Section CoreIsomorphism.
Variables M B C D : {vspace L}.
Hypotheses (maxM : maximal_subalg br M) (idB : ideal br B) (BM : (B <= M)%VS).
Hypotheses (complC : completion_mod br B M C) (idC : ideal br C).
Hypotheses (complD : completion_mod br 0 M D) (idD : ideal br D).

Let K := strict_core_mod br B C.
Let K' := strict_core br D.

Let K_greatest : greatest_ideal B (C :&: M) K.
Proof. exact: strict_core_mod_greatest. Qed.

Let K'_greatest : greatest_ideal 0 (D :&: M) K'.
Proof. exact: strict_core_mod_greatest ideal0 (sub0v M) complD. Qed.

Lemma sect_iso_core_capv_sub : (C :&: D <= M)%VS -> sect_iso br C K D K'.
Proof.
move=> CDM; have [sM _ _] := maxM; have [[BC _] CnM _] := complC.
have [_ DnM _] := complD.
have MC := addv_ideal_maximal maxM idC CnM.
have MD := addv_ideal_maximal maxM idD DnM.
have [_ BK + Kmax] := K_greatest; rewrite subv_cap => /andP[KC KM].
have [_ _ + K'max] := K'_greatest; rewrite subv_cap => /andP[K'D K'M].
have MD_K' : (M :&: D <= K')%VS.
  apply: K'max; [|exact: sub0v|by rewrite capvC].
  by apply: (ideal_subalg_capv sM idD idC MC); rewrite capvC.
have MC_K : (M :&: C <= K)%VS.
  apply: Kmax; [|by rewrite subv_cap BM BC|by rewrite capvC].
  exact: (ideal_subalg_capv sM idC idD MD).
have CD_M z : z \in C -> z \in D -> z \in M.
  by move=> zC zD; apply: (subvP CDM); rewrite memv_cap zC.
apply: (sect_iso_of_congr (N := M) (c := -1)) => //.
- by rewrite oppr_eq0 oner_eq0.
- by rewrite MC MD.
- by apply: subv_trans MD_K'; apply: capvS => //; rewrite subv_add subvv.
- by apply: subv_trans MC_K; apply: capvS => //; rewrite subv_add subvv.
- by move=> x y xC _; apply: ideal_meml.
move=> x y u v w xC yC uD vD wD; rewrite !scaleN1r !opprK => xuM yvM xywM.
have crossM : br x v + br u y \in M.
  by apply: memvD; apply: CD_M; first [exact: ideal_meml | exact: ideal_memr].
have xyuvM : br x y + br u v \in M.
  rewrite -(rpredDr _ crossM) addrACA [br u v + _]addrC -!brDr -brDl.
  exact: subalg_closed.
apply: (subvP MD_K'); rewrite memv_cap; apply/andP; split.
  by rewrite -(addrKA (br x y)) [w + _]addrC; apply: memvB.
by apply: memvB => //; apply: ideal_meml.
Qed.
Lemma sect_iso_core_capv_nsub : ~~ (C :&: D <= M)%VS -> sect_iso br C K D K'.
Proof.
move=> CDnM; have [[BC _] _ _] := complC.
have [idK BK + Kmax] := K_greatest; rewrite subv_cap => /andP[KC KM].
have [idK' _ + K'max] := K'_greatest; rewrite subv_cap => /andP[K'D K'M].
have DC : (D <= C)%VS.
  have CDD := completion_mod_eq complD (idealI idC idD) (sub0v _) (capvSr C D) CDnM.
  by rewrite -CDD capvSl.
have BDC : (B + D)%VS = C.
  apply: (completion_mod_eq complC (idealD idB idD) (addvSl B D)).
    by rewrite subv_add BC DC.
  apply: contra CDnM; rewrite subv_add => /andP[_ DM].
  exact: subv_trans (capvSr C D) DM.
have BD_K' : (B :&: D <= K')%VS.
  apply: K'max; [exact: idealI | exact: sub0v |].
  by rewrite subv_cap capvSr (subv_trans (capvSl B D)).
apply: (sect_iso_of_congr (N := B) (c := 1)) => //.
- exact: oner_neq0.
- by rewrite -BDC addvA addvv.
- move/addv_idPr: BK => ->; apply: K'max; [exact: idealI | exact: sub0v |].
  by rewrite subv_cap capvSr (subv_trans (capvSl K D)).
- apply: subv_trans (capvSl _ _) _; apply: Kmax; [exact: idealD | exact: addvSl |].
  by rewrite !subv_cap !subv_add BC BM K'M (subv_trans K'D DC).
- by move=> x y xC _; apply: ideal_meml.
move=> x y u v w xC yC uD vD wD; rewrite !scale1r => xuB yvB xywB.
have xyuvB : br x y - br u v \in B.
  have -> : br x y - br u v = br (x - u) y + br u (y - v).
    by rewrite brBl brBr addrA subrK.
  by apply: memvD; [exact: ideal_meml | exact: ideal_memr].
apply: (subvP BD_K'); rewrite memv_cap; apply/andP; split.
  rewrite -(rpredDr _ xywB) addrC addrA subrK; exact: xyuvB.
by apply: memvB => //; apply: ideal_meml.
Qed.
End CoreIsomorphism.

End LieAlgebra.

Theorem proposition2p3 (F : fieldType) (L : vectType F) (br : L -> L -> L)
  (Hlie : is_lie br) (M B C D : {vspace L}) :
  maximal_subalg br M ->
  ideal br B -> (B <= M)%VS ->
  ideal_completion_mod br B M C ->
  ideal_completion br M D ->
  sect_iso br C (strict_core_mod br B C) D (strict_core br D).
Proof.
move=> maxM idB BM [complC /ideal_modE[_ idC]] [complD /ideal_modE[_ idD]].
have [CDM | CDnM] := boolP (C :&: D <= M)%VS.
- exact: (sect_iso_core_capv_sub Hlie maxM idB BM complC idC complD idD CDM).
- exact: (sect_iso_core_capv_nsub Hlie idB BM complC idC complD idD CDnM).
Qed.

+ + + + +

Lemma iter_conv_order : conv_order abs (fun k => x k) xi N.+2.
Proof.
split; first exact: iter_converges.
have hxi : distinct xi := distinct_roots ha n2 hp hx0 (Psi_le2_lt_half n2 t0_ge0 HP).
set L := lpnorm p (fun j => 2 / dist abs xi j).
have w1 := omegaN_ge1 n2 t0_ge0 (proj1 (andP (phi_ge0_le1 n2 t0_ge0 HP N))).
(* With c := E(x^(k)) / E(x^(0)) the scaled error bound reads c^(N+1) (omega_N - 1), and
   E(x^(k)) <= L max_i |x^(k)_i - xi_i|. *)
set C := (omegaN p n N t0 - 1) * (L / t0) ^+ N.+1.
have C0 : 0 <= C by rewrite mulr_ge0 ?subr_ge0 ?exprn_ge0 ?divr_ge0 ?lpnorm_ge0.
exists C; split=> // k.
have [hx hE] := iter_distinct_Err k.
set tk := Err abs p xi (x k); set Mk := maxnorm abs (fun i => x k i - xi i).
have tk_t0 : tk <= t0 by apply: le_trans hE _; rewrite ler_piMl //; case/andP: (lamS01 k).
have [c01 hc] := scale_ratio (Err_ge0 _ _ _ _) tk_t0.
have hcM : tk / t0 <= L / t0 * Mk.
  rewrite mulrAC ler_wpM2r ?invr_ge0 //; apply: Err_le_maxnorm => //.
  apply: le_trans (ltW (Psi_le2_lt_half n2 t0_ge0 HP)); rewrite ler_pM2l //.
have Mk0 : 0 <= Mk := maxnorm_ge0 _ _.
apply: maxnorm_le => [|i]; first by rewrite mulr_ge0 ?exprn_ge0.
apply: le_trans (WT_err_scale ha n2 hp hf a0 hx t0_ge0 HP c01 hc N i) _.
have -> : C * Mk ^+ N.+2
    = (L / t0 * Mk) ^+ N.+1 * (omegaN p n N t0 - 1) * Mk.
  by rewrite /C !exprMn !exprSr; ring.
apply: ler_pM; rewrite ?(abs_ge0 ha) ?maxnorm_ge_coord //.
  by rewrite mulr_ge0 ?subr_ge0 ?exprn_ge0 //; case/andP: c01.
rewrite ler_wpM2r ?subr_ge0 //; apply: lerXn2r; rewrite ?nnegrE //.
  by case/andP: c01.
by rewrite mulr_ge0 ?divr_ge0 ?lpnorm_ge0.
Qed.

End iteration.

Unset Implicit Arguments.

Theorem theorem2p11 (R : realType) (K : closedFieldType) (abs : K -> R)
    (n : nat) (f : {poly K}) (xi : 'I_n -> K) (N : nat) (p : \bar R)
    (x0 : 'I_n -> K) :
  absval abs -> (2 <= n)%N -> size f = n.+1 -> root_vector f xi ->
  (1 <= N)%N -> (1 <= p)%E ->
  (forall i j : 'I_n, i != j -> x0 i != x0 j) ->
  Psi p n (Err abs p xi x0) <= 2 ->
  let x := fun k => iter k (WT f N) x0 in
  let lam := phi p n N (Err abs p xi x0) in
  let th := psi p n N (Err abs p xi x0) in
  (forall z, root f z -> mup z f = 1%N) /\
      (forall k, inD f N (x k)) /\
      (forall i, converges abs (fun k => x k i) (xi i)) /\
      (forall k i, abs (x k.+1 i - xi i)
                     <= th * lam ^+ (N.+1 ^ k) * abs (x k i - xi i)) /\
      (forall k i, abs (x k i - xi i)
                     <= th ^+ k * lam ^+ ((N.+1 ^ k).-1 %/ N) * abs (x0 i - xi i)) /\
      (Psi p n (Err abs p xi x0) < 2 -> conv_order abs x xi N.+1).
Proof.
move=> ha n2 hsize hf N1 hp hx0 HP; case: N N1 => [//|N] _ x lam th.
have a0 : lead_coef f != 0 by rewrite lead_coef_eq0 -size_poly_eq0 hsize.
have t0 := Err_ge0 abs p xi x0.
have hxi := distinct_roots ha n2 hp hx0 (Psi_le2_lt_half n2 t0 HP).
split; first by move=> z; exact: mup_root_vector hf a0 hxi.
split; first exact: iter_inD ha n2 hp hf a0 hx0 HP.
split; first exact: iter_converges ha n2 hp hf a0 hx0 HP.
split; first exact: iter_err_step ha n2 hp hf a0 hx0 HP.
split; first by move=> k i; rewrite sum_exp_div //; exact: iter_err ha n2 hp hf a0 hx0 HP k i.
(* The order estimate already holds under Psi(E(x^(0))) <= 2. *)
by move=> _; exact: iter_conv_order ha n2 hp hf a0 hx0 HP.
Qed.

+ + + + +

- _WORK TO BE COMPLETED_
When you reach the line containing "move=> CDM; have" in the data above, start copying exactly, and stop after the line containing "have xyuvM : br x y + br u v \in M.".

- _SOLUTION FOR THIS EXERCISE_
move=> CDM; have [sM _ _] := maxM; have [[BC _] CnM _] := complC.
have [_ DnM _] := complD.
have MC := addv_ideal_maximal maxM idC CnM.
have MD := addv_ideal_maximal maxM idD DnM.
have [_ BK + Kmax] := K_greatest; rewrite subv_cap => /andP[KC KM].
have [_ _ + K'max] := K'_greatest; rewrite subv_cap => /andP[K'D K'M].
have MD_K' : (M :&: D <= K')%VS.
  apply: K'max; [|exact: sub0v|by rewrite capvC].
  by apply: (ideal_subalg_capv sM idD idC MC); rewrite capvC.
have MC_K : (M :&: C <= K)%VS.
  apply: Kmax; [|by rewrite subv_cap BM BC|by rewrite capvC].
  exact: (ideal_subalg_capv sM idC idD MD).
have CD_M z : z \in C -> z \in D -> z \in M.
  by move=> zC zD; apply: (subvP CDM); rewrite memv_cap zC.
apply: (sect_iso_of_congr (N := M) (c := -1)) => //.
- by rewrite oppr_eq0 oner_eq0.
- by rewrite MC MD.
- by apply: subv_trans MD_K'; apply: capvS => //; rewrite subv_add subvv.
- by apply: subv_trans MC_K; apply: capvS => //; rewrite subv_add subvv.
- by move=> x y xC _; apply: ideal_meml.
move=> x y u v w xC yC uD vD wD; rewrite !scaleN1r !opprK => xuM yvM xywM.
have crossM : br x v + br u y \in M.
  by apply: memvD; apply: CD_M; first [exact: ideal_meml | exact: ideal_memr].
have xyuvM : br x y + br u v \in M.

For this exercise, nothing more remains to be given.